Hood River County Commissioners were the final of three local agencies to approve a garbage rate increase for next year.

They took action Monday night on the proposal from Waste Connections, Inc. The company runs the Hood River transfer station and provides garbage service to residents within the county, the city of Hood River and the city of Cascade Locks.

Rates go up by 5 percent starting Jan. 1, 2008. Waste Connections District Manager Erwin Swetnam said that rates generally go up by 3 percent each year under a Consumer Price Index factor built into the contract. But this year, several costs contributed to the increase.

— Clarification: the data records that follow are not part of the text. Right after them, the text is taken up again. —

(* Let $s,t,\eta>0$, $A\in\mathbb{R}^{m\times N}$ and $K\subset[N]$. Suppose there exists $\nu\in\mathbb{R}^m$ with $A^T\nu\in H_K^t$ and $\|\nu\|_2\le s$. Let $x_0=\mathbb{1}_K$ and $b=Ax_0+n$ with $n\in\mathbb{R}^m$, $\|n\|_2\le\eta$. Then any solution $x_*$ of $$\min\|Ax-b\|_2\ \text{subject to}\ x\in[0,1]^N,$$ or of $$\min\|x\|_1\ \text{subject to}\ \|Ax-b\|_2\le\eta,\ x\in[0,1]^N,$$ satisfies $\|x_*-x_0\|_2\le \frac{2s}{t}\eta$.
   Context: $\mathbb{1}_K$ is the indicator vector of $K\subset[N]$. For $t>0$, $H_K^t=\{w\in\mathbb{R}^N: w_i<-t \text{ for } i\in K,\ w_i>t \text{ for } i\notin K\}$. *)

(* vectors in R^N are column vectors 'cV[R]_N over an rcfType R
   (real closed field, so that Num.sqrt is available). *)
From mathcomp Require Import all_boot all_order all_algebra.
Set Implicit Arguments. Unset Strict Implicit. Unset Printing Implicit Defensive.
Import Order.TTheory GRing.Theory Num.Theory.
Local Open Scope ring_scope.

Definition norm2 {R : rcfType} {n : nat} (v : 'cV[R]_n) : R :=
  Num.sqrt (\sum_(i < n) v i 0 ^+ 2).

Definition norm1 {R : rcfType} {n : nat} (v : 'cV[R]_n) : R :=
  \sum_(i < n) `|v i 0|.

Definition indic {R : rcfType} {N : nat} (K : {set 'I_N}) : 'cV[R]_N :=
  \col_i (if i \in K then 1 else 0).

Definition in_HK {R : rcfType} {N : nat} (K : {set 'I_N}) (t : R) (w : 'cV[R]_N) : Prop :=
  forall i : 'I_N, (i \in K -> w i 0 < - t) /\ (i \notin K -> t < w i 0).

Definition in_box {R : rcfType} {N : nat} (x : 'cV[R]_N) : Prop :=
  forall i : 'I_N, 0 <= x i 0 <= 1.

Definition solves_box_LS {R : rcfType} {m N : nat} (A : 'M[R]_(m, N)) (b : 'cV[R]_m)
  (x : 'cV[R]_N) : Prop :=
  in_box x /\ forall y : 'cV[R]_N, in_box y -> norm2 (A *m x - b) <= norm2 (A *m y - b).

Definition feas_BP {R : rcfType} {m N : nat} (A : 'M[R]_(m, N)) (b : 'cV[R]_m) (eta : R)
  (x : 'cV[R]_N) : Prop :=
  norm2 (A *m x - b) <= eta /\ in_box x.

Definition solves_box_BP {R : rcfType} {m N : nat} (A : 'M[R]_(m, N)) (b : 'cV[R]_m) (eta : R)
  (x : 'cV[R]_N) : Prop :=
  feas_BP A b eta x /\ forall y : 'cV[R]_N, feas_BP A b eta y -> norm1 x <= norm1 y.

(* For x in the box, h := x - 1_K is nonpositive on K and nonnegative off K,
   so the certificate w := A^T nu in H_K^t gives <w, h> >= t ||h||_1 >= t ||h||_2.
   Moving A^T across, <w, h> = <nu, A h> <= s ||A h||_2.  Both programs return a
   box point with ||A x - b||_2 <= eta (least squares does at least as well as
   x0, whose residual is -n), hence ||A h||_2 <= 2 eta. *)
From mathcomp Require Import all_boot all_order all_algebra.
From mathcomp Require Import ring lra.
Import Order.TTheory GRing.Theory Num.Theory.
Local Open Scope ring_scope.
Set Implicit Arguments. Unset Strict Implicit.

Section CauchySchwarz.
Variables (R : rcfType) (k : nat).
Implicit Types a b : 'I_k -> R.

Lemma sum_Lagrange a b :
  ((\sum_i a i ^+ 2) * (\sum_j b j ^+ 2) - (\sum_i a i * b i) ^+ 2) *+ 2 =
  \sum_i \sum_j (a i * b j - a j * b i) ^+ 2.
Proof.
have UV : (\sum_i a i ^+ 2) * (\sum_j b j ^+ 2) =
    \sum_i \sum_j a i ^+ 2 * b j ^+ 2 by rewrite big_distrlr.
have VU : (\sum_i a i ^+ 2) * (\sum_j b j ^+ 2) =
    \sum_i \sum_j a j ^+ 2 * b i ^+ 2.
  by rewrite mulrC big_distrlr; apply: eq_bigr => i _; apply: eq_bigr => j _; rewrite mulrC.
have SS : (\sum_i a i * b i) ^+ 2 = \sum_i \sum_j (a i * b i) * (a j * b j).
  by rewrite expr2 big_distrlr.
rewrite mulrnBl mulr2n {1}UV VU SS -big_split -sumrMnl -sumrB /=.
apply: eq_bigr => i _; rewrite -big_split -sumrMnl -sumrB /=.
by apply: eq_bigr => j _; ring.
Qed.

Lemma sum_CauchySchwarz a b :
  (\sum_i a i * b i) ^+ 2 <= (\sum_i a i ^+ 2) * (\sum_i b i ^+ 2).
Proof.
rewrite -subr_ge0 -(pmulrn_lge0 _ (isT : (0 < 2)%N)) sum_Lagrange.
by apply: sumr_ge0 => i _; apply: sumr_ge0 => j _; apply: sqr_ge0.
Qed.

Lemma sum_sqr_le_sqr_sum a : (forall i, 0 <= a i) ->
  \sum_i a i ^+ 2 <= (\sum_i a i) ^+ 2.
Proof.
move=> a_ge0; rewrite [leRHS]expr2 mulr_suml; apply: ler_sum => i _.
rewrite expr2 ler_wpM2l // (bigD1 i) //= lerDl.
by apply: sumr_ge0 => j _.
Qed.

End CauchySchwarz.

Definition dotv {R : rcfType} {k : nat} (u v : 'cV[R]_k) : R := (u^T *m v) 0 0.

Section EuclideanNorm.
Variables (R : rcfType) (k : nat).
Implicit Types u v : 'cV[R]_k.

Lemma dotvE u v : dotv u v = \sum_i u i 0 * v i 0.
Proof. by rewrite /dotv mxE; apply: eq_bigr => i _; rewrite mxE. Qed.

Lemma dotvC u v : dotv u v = dotv v u.
Proof. by rewrite !dotvE; apply: eq_bigr => i _; rewrite mulrC. Qed.

Lemma dotvDl u v w : dotv (u + v) w = dotv u w + dotv v w.
Proof. by rewrite /dotv raddfD /= mulmxDl mxE. Qed.

Lemma dotvNl u v : dotv (- u) v = - dotv u v.
Proof. by rewrite /dotv raddfN /= mulNmx mxE. Qed.

Lemma dotv_trmx m (A : 'M[R]_(m, k)) (w : 'cV[R]_m) u :
  dotv (A^T *m w) u = dotv w (A *m u).
Proof. by rewrite /dotv trmx_mul trmxK mulmxA. Qed.

Lemma dotvv u : dotv u u = \sum_i u i 0 ^+ 2.
Proof. by rewrite dotvE; under eq_bigr do rewrite -expr2. Qed.

Lemma dotv_ge0 u : 0 <= dotv u u.
Proof. by rewrite dotvv; apply: sumr_ge0 => i _; apply: sqr_ge0. Qed.

Lemma norm2E u : norm2 u = Num.sqrt (dotv u u).
Proof. by rewrite dotvv. Qed.

Lemma norm2_ge0 u : 0 <= norm2 u.
Proof. exact: sqrtr_ge0. Qed.

Lemma sqr_norm2 u : norm2 u ^+ 2 = dotv u u.
Proof. by rewrite norm2E sqr_sqrtr // dotv_ge0. Qed.

Lemma norm2N u : norm2 (- u) = norm2 u.
Proof. by rewrite !norm2E dotvNl dotvC dotvNl opprK. Qed.

Lemma dotv_le_norm2 u v : dotv u v <= norm2 u * norm2 v.
Proof.
rewrite !norm2E -sqrtrM ?dotv_ge0 // (le_trans (ler_norm _)) // -sqrtr_sqr.
by rewrite ler_wsqrtr // !dotvv dotvE sum_CauchySchwarz.
Qed.

Lemma norm2D_le u v : norm2 (u + v) <= norm2 u + norm2 v.
Proof.
rewrite -(ler_pXn2r (isT : (0 < 2)%N)) ?nnegrE ?addr_ge0 ?norm2_ge0 //.
rewrite sqr_norm2 sqrrD !sqr_norm2 dotvDl !(dotvC _ (u + v)) !dotvDl (dotvC v u).
have := dotv_le_norm2 u v; lra.
Qed.

Lemma norm2_le_norm1 u : norm2 u <= norm1 u.
Proof.
have norm1_ge0 : 0 <= norm1 u by apply: sumr_ge0.
rewrite /norm2 -(ger0_norm norm1_ge0) -sqrtr_sqr ler_wsqrtr //.
under eq_bigr do rewrite -real_normK ?num_real //.
exact: sum_sqr_le_sqr_sum.
Qed.

End EuclideanNorm.

Section BoxRecovery.
Variables (R : rcfType) (m N : nat) (A : 'M[R]_(m, N)) (K : {set 'I_N}).

Lemma indic_in_box : in_box (indic K : 'cV[R]_N).
Proof. by move=> i; rewrite mxE; case: (i \in K); rewrite /= ?lexx ler01. Qed.

Lemma box_solutions_feas_BP (n : 'cV[R]_m) eta x :
  let b := A *m indic K + n in
  norm2 n <= eta -> solves_box_LS A b x \/ solves_box_BP A b eta x ->
  feas_BP A b eta x.
Proof.
move=> b n_le [[x_box LS_opt]|[]] //; split=> //.
apply: le_trans (LS_opt _ indic_in_box) _.
by rewrite /b opprD addrA subrr add0r norm2N.
Qed.

Lemma in_HK_box_dotv t (w x : 'cV[R]_N) : in_HK K t w -> in_box x ->
  t * norm1 (x - indic K) <= dotv w (x - indic K).
Proof.
move=> wHK x_box; rewrite dotvE /norm1 mulr_sumr; apply: ler_sum => i _.
rewrite !mxE; have /andP[xi_ge0 xi_le1] := x_box i; have [wK wKc] := wHK i.
case: (boolP (i \in K)) => iK.
- by have := wK iK; rewrite ler0_norm ?subr_le0 //; nra.
- by have := wKc iK; rewrite subr0 ger0_norm //; nra.
Qed.

Lemma box_deviation_le t (nu : 'cV[R]_m) x :
  0 <= t -> in_HK K t (A^T *m nu) -> in_box x ->
  t * norm2 (x - indic K) <= norm2 nu * norm2 (A *m (x - indic K)).
Proof.
move=> t_ge0 nuHK x_box.
apply: le_trans (ler_wpM2l t_ge0 (norm2_le_norm1 _)) _.
apply: le_trans (in_HK_box_dotv nuHK x_box) _.
by rewrite dotv_trmx dotv_le_norm2.
Qed.

End BoxRecovery.

Theorem proposition3p4 (R : rcfType) (m N : nat) (s t eta : R)
  (A : 'M[R]_(m, N)) (K : {set 'I_N}) (n : 'cV[R]_m) (x : 'cV[R]_N) :
  0 < s -> 0 < t -> 0 < eta ->
  (exists nu : 'cV[R]_m, in_HK K t (A^T *m nu) /\ norm2 nu <= s) ->
  norm2 n <= eta ->
  let x0 : 'cV[R]_N := indic K in
  let b : 'cV[R]_m := A *m x0 + n in
  (solves_box_LS A b x \/ solves_box_BP A b eta x) ->
  norm2 (x - x0) <= 2 * s / t * eta.
Proof.
move=> _ t_gt0 _ [nu [nuHK nu_le]] n_le x0 b sol.
have [res_le x_box] := box_solutions_feas_BP n_le sol.
have Ah_le : norm2 (A *m (x - x0)) <= 2 * eta.
  have -> : A *m (x - x0) = (A *m x - b) + n by rewrite mulmxBr /b opprD addrA subrK.
  by rewrite mulr_natl mulr2n (le_trans (norm2D_le _ _)) // lerD.
have := box_deviation_le (ltW t_gt0) nuHK x_box.
have := norm2_ge0 nu; have := norm2_ge0 (A *m (x - x0)).
rewrite mulrAC ler_pdivlMr // mulrC; nra.
Qed.
(* Let $q$ be a power of $2$. Let $b\in\mathbb{F}_q^*$ and $\delta\in\mathbb{F}_{q^2}$ with $b\,\mathrm{Tr}_{q^2/q}(\delta)=1$. Then the compositional inverse of $$P(x)=b(x^q+x+\delta)^{\frac{q^2+q}{2}+1}+x$$ over $\mathbb{F}_{q^2}$ is $$P^{-1}(x)=x+b\left(\mathrm{Tr}_{q^2/q}(\delta)^{-1}(x^q+x)^2+\mathrm{Tr}_{q^2/q}(\delta)^{-1}\delta^{q+1}+\delta\right)^{1+(q^2+q)/2}.$$
   Context: $\mathrm{Tr}_{q^2/q}(y)=y+y^q$. The compositional inverse of a permutation polynomial $f$ of $\mathbb{F}_{Q}$ is the unique polynomial $f^{-1}$ (modulo $x^Q-x$) with $f(f^{-1}(c))=f^{-1}(f(c))=c$ for all $c\in\mathbb{F}_Q$; in particular the statement includes that $P$ permutes $\mathbb{F}_{q^2}$. *)

From HB Require Import structures.
From mathcomp Require Import all_boot all_order all_algebra all_field.
Set Implicit Arguments. Unset Strict Implicit. Unset Printing Implicit Defensive.
Import GRing.Theory.
Local Open Scope ring_scope.

Definition trq (F : finFieldType) (q : nat) (y : F) : F := y + y ^+ q.

Definition Ppoly (F : finFieldType) (q : nat) (b delta : F) (x : F) : F :=
  b * (x ^+ q + x + delta) ^+ ((q ^ 2 + q) %/ 2 + 1)%N + x.

Definition Pinv (F : finFieldType) (q : nat) (b delta : F) (x : F) : F :=
  x + b * ((trq q delta)^-1 * (x ^+ q + x) ^+ 2
           + (trq q delta)^-1 * delta ^+ (q + 1)%N + delta) ^+ (1 + (q ^ 2 + q) %/ 2)%N.

From HB Require Import structures.
From mathcomp Require Import all_boot all_order all_algebra all_field.
From mathcomp Require Import ring.
Import GRing.Theory.
Local Open Scope ring_scope.

(* Write z = Tr(x) and y = z + delta, so that P(x) = b y^(E+1) + x with
   E = (q^2+q)/2.  Since z lies in F_q, Tr(y) = Tr(delta) = 1/b; and m = y^E is
   a square root of the norm y^(q+1), hence also lies in F_q.  Therefore
   Tr(P(x)) = b m Tr(y) + z = m + z, and in characteristic 2
   (m + z)^2 = y^(q+1) + z^2 = z Tr(delta) + delta^(q+1), which recovers y from
   P(x): the claimed formula is a left inverse of P, hence its two-sided
   inverse because F is finite. *)

Section QuadraticExtensionCharTwo.

Variables (F : finFieldType) (k : nat).
Hypotheses (k_gt0 : (0 < k)%N) (cardF : #|F| = ((2 ^ k) ^ 2)%N).

Local Notation q := (2 ^ k)%N.
Local Notation E := ((q ^ 2 + q) %/ 2)%N.

Lemma pchar2_F : 2 \in [pchar F].
Proof. by apply: (card_finPcharP (n := (k * 2)%N)); rewrite // cardF expnM. Qed.

Lemma frobD (x y : F) : (x + y) ^+ q = x ^+ q + y ^+ q.
Proof.
by apply: exprDn_pchar; rewrite pnatX (eq_pnat _ (pcharf_eq pchar2_F)) pnat_id.
Qed.

Let addrr2 : forall x : F, x + x = 0 := addrr_pchar2 pchar2_F.

Lemma expr_card (x : F) : x ^+ (q ^ 2) = x.
Proof. by rewrite -cardF expf_card. Qed.

Lemma sqrf_inj : injective (fun x : F => x ^+ 2).
Proof.
by move=> x y /= eq_sqr; apply: (fmorph_inj (pFrobenius_aut pchar2_F)).
Qed.

Lemma frob_fixed_sqr (m : F) : (m ^+ 2) ^+ q = m ^+ 2 -> m ^+ q = m.
Proof. by move=> fix_m2; apply: sqrf_inj; rewrite /= exprAC. Qed.

Lemma norm_frob (y : F) : (y ^+ (q + 1)) ^+ q = y ^+ (q + 1).
Proof. by rewrite exprD expr1 exprMn -exprM mulnn expr_card mulrC. Qed.

Lemma half_norm_exp : (E * 2 = q ^ 2 + q)%N.
Proof.
have two_dvd_q : (2 %| q)%N by rewrite dvdn_exp.
by rewrite divnK // dvdn_add // dvdn_exp.
Qed.

Lemma sqr_half_norm (y : F) : (y ^+ E) ^+ 2 = y ^+ (q + 1).
Proof. by rewrite -exprM half_norm_exp !exprD expr_card expr1 mulrC. Qed.

Lemma half_norm_frob (y : F) : (y ^+ E) ^+ q = y ^+ E.
Proof. by apply: frob_fixed_sqr; rewrite sqr_half_norm norm_frob. Qed.

Lemma trqD (x y : F) : trq q (x + y) = trq q x + trq q y.
Proof. by rewrite /trq frobD addrACA. Qed.

Lemma trq_frob (x : F) : (trq q x) ^+ q = trq q x.
Proof. by rewrite /trq frobD -exprM mulnn expr_card addrC. Qed.

Lemma trq_fixed (z : F) : z ^+ q = z -> trq q z = 0.
Proof. by move=> z_frob; rewrite /trq z_frob addrr2. Qed.

Variables (b delta : F).
Hypotheses (b_frob : b ^+ q = b) (b_trq : b * trq q delta = 1).

Local Notation T := (trq q delta).

Lemma trq_neq0 : T != 0.
Proof.
by apply/eqP => T0; move: b_trq; rewrite T0 mulr0 => /eqP; rewrite eq_sym oner_eq0.
Qed.

Lemma PpolyE (x : F) : Ppoly q b delta x = b * (trq q x + delta) ^+ E.+1 + x.
Proof. by rewrite /Ppoly /trq (addrC (x ^+ q)) addn1. Qed.

Lemma PinvE (c : F) :
  Pinv q b delta c
  = c + b * (T^-1 * trq q c ^+ 2 + T^-1 * delta ^+ (q + 1) + delta) ^+ E.+1.
Proof. by rewrite /Pinv /trq (addrC (c ^+ q)) add1n. Qed.

Lemma trq_Ppoly (x : F) :
  trq q (Ppoly q b delta x) = (trq q x + delta) ^+ E + trq q x.
Proof.
rewrite PpolyE trqD; set y := trq q x + delta.
have trq_y : trq q y = T by rewrite trqD trq_fixed ?trq_frob ?add0r.
have -> : trq q (b * y ^+ E.+1) = b * trq q y * y ^+ E.
  by rewrite /trq exprS !exprMn b_frob half_norm_frob; ring.
by rewrite trq_y b_trq mul1r.
Qed.

Lemma norm_add_frob_fixed (z : F) : z ^+ q = z ->
  (z + delta) ^+ (q + 1) + z ^+ 2 = z * T + delta ^+ (q + 1).
Proof.
move=> z_frob; rewrite !exprD !expr1 frobD z_frob /trq.
have -> : (z + delta ^+ q) * (z + delta) + z ^+ 2
          = z * (delta + delta ^+ q) + delta ^+ q * delta + (z ^+ 2 + z ^+ 2).
  by ring.
by rewrite addrr2 addr0.
Qed.

Lemma Pinv_Ppoly (x : F) : Pinv q b delta (Ppoly q b delta x) = x.
Proof.
rewrite PinvE trq_Ppoly; set z := trq q x; set y := z + delta.
have -> : T^-1 * (y ^+ E + z) ^+ 2 + T^-1 * delta ^+ (q + 1) + delta = y.
  rewrite -mulrDr sqrrD mulr2n addrr2 addr0 sqr_half_norm.
  rewrite norm_add_frob_fixed ?trq_frob // -addrA addrr2 addr0.
  by rewrite mulrC mulfK ?trq_neq0.
by rewrite PpolyE -/z -/y addrAC addrr2 add0r.
Qed.

Lemma Ppoly_Pinv : cancel (Pinv q b delta) (Ppoly q b delta).
Proof.
have /injF_bij bij_P : injective (Ppoly q b delta) := can_inj Pinv_Ppoly.
exact/(bij_can_sym bij_P)/Pinv_Ppoly.
Qed.

End QuadraticExtensionCharTwo.

Theorem theorem3p4 (k : nat) (F : finFieldType) (b delta : F) :
  (0 < k)%N ->
  #|F| = ((2 ^ k) ^ 2)%N ->
  b ^+ (2 ^ k) = b -> b != 0 ->
  b * trq (2 ^ k) delta = 1 ->
  (forall c : F, Ppoly (2 ^ k) b delta (Pinv (2 ^ k) b delta c) = c) /\
  (forall c : F, Pinv (2 ^ k) b delta (Ppoly (2 ^ k) b delta c) = c).
Proof.
(* b != 0 is implied by b * Tr(delta) = 1. *)
move=> k_gt0 cardF b_frob _ b_trq.
by split=> c; [exact: Ppoly_Pinv | exact: Pinv_Ppoly].
Qed.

“The biggest drive behind the request is the increasing cost of fuel,” Swetnam said.

Waste Connections, Inc. paid an average of $2.45 per gallon of fuel during the first quarter of 2007. That amount continued to climb to $3.10 per gallon of fuel when the contract proposal was submitted and continues to increase.

“Today we had fuel delivered and it cost $3.18,” Swetnam said.

The increasing cost of raw materials of steel and petroleum-based products such as the blue recycling bins has also increased during 2007.

Wasco County has a 2 percent landfill increase cost effective Jan. 1, which will pass onto Waste Connections and subsequently Hood River customers as part of the adopted rate increase.

The company is also facing an increase in its health care insurance, and its annual salary increases to employees. A free recycling program has proven so popular that it has also increased costs for Waste Connections.

On Wednesdays, customers can bring yard debris to the transfer station for free. Before 2003, the waste had gone to landfills. Now the company grinds the matter and takes it to the Portland/Vancouver market for compost. The cost to transport it is up $25 per ton.

County Administrator David Meriwether said in the future that may change if the county pursues development of renewable energy.

“Possibly it could be converted to biomass,” Meriwether said.

No one besides Swetnam spoke at the public hearing on the rate increase.